- February 2022
- Serves 4
- Hands-on time 30 min, plus oven time 5-6 minutes
Lacy buckwheat pancakes are baked with spinach, mushrooms and cheese to make spectacular galettes. A pancake recipe filling enough for dinner.
Love a savoury pancake? Our seriously cheesy pancakes with ham and leeks will hit the spot.
- 21.1g (10.5g saturated)
- 18.4g (3.1g sugars)
- 75g buckwheat flour
- 5 medium free-range eggs
- 250ml semi-skimmed milk
- 20g unsalted butter, plus extra to grease
- Splash olive oil
- 300g baby mushrooms, halved
- 1 garlic clove crushed
- 1 thyme sprig, leaves stripped, plus extra to garnish
- 200g baby leaf spinach
- Finely grated zest ½ lemon
- 100g gruyère or a vegetarian alternative, grated
- Heat the oven to 180ºC fan/gas 6. Put the flour in a bowl and whisk in 1 egg, milk and a pinch of salt. Heat a large non-stick pan over a medium-high heat and lightly grease with butter. Add a ladleful of batter (about ¼ of the mixture), swirling the pan to form a large, thin pancake the diameter of the pan. Cook for 2-3 minutes until the edges of the pancake begin to curl and the underside is golden, then flip and cook for a further 2 minutes. Repeat with the remaining batter, setting the pancakes aside in a pile on a plate.

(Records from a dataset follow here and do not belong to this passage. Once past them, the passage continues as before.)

Lemma RInt_inv_xhat_truncation (x : R -> R) (r Q : R) : distr_fun01 x ->
  valid_qhat x Q -> 0 <= r <= Q ->
  RInt (fun t => / xhat (truncation x r) t) 0 Q =
  r / xhat x r + RInt (fun t => / xhat x t) r Q.
Proof.
  intros Hx HQ Hr. pose proof (proj1 HQ) as HQ1.
  assert (Hy := distr_fun01_truncation x r Hx).
  assert (HyQ := valid_qhat_truncation x r Q HQ (proj2 Hr)).
  assert (Hxhat : forall t, r <= t <= 1 -> xhat (truncation x r) t = xhat x t).
  { intros t Ht. apply RInt_ext_le; [lra|]. intros u Hu. apply truncation_ge. lra. }
  rewrite (RInt_split _ 0 r Q) by (apply (ex_RInt_inv_xhat _ Hy Q); auto; lra).
  f_equal.
  - rewrite (RInt_ext_le _ (fun _ => / xhat x r) 0 r), RInt_cst, Rminus_0_r; [reflexivity|lra|].
    intros t Ht. f_equal.
    rewrite (xhat_split _ Hy t r), Hxhat by lra.
    rewrite (RInt_ext_le _ (fun _ => 0) t r), RInt_cst by
      (lra || (intros u Hu; apply truncation_lt; lra)).
    ring.
  - apply RInt_ext_le; [lra|]. intros t Ht. rewrite Hxhat by lra. reflexivity.
Qed.

Definition parisi_weight (gamma : nat -> R) (h beta t : R) : R :=
  beta ^ 2 * xi_deriv gamma t + (beta * h) ^ 2.

Section ParisiFunctional.

Variables (gamma : nat -> R) (h beta : R).
Hypothesis summable : ex_series (fun p => 2 ^ p * gamma p ^ 2).

Let w := parisi_weight gamma h beta.

Lemma parisi_weight_nonneg_le (s t : R) : 0 <= s -> s <= t -> t <= 1 -> 0 <= w s <= w t.
Proof.
  intros Hs Hst Ht. unfold w, parisi_weight.
  assert (0 <= xi_deriv gamma s <= xi_deriv gamma t) by (apply xi_deriv_nonneg_le; assumption).
  assert (0 <= beta ^ 2) by apply pow2_ge_0.
  assert (0 <= (beta * h) ^ 2) by apply pow2_ge_0.
  split; nra.
Qed.
Lemma is_norm_ge_coord :
  exists2 c, 0 < c & forall (v : 'cV[R]_m) j, c * `|v j 0| <= nrm v.
Proof.
pose S := [set r : 'rV[R]_m | `|r| = 1].
have normalize r : r != 0 -> S (`|r|^-1 *: r).
  move=> r0; rewrite /S /= normrZ normrV ?unitfE ?normr_eq0 //.
  by rewrite normr_id mulVf // normr_eq0.
have [S0|S0] := pselect (S !=set0); last first.
  exists 1 => // v j; suff -> : v = 0 by rewrite mxE normr0 mulr0 is_norm0.
  apply: trmx_inj; rewrite trmx0; apply/eqP; apply: contra_notT S0 => vT0.
  by exists (`|v^T|^-1 *: v^T); exact: normalize.
have cS : compact S.
  apply: bounded_closed_compact.
    by exists 1; split=> [|M M1 r /= ->]; [exact: real1 | exact: ltW].
  rewrite (_ : S = (@Num.Def.normr _ _) @^-1` [set 1]) //.
  by apply: preimage_closed; [move=> r _; exact: norm_continuous | exact: closed_eq].
have [c /set_mem Sc cmin] :=
  compact_EVT_min S0 cS (continuous_subspaceT continuous_is_norm_rV).
have c0 : c != 0.
  by apply/eqP => c0; move: Sc; rewrite /S /= c0 normr0 => /eqP; rewrite eq_sym oner_eq0.
exists (nrmT c) => [|v j]; first by rewrite is_norm_gt0 // -trmx0 (inj_eq trmx_inj).
have [->|v0] := eqVneq v 0; first by rewrite mxE normr0 mulr0 is_norm0.
have vT0 : v^T != 0 by rewrite -trmx0 (inj_eq trmx_inj).
have := cmin _ (mem_set (normalize _ vT0)).
rewrite /nrmT linearZ /= trmxK is_normZ normrV ?unitfE ?normr_eq0 // normr_id.
rewrite mulrC ler_pdivlMr ?normr_gt0 // => /(le_trans _); apply.
rewrite ler_wpM2l ?is_norm_ge0 //.
have -> : v j 0 = v^T 0 j by rewrite mxE.
exact: mx_normr_entry.
Qed.
End Norms.

Section InnerProduct.
Variables (R : realType) (m : nat).
Implicit Types s t : 'cV[R]_m.

Lemma inprodE s t : inprod s t = \sum_j s j 0 * t j 0.
Proof. by rewrite /inprod mxE; apply: eq_bigr => j _; rewrite mxE. Qed.

Lemma inprodZr a s t : inprod s (a *: t) = a * inprod s t.
Proof. by rewrite /inprod -scalemxAr mxE. Qed.

Lemma inprodBl s s' t : inprod (s - s') t = inprod s t - inprod s' t.
Proof. by rewrite !inprodE -sumrB; apply: eq_bigr => j _; rewrite !mxE mulrBl. Qed.

Lemma inprod_mulmx N (g : 'cV[R]_N) (V : 'M[R]_(N, m)) t :
  inprod g (V *m t) = inprod (V^T *m g) t.
Proof. by rewrite /inprod trmx_mul trmxK mulmxA. Qed.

- In a separate pan, melt the 20g butter with a splash of olive oil. Add the mushrooms and a pinch of salt and cook for 5-6 minutes until tender and golden. Add the garlic and thyme and cook for another minute, then add the spinach and lemon zest and cook until the spinach is wilted.
- Put the pancakes on 2 large baking sheets, then divide most of the cheese among them. Top with the mushroom/spinach mixture, then make a space in the middle of each and crack an egg into it. Fold in the edges of each pancake to partially enclose the filling, leaving a gap around the yolk. Sprinkle over the remaining cheese, then bake for 5-6 minutes until crisp, the egg whites are set and the yolks are done to your liking. Sprinkle with extra thyme and serve straightaway with a green salad.
The pancakes can be made up to 1 day ahead. Cool, then keep chilled in a sealed container between layers of baking paper until ready to use.
Galettes are buckwheat pancakes, usually made with a savoury filling.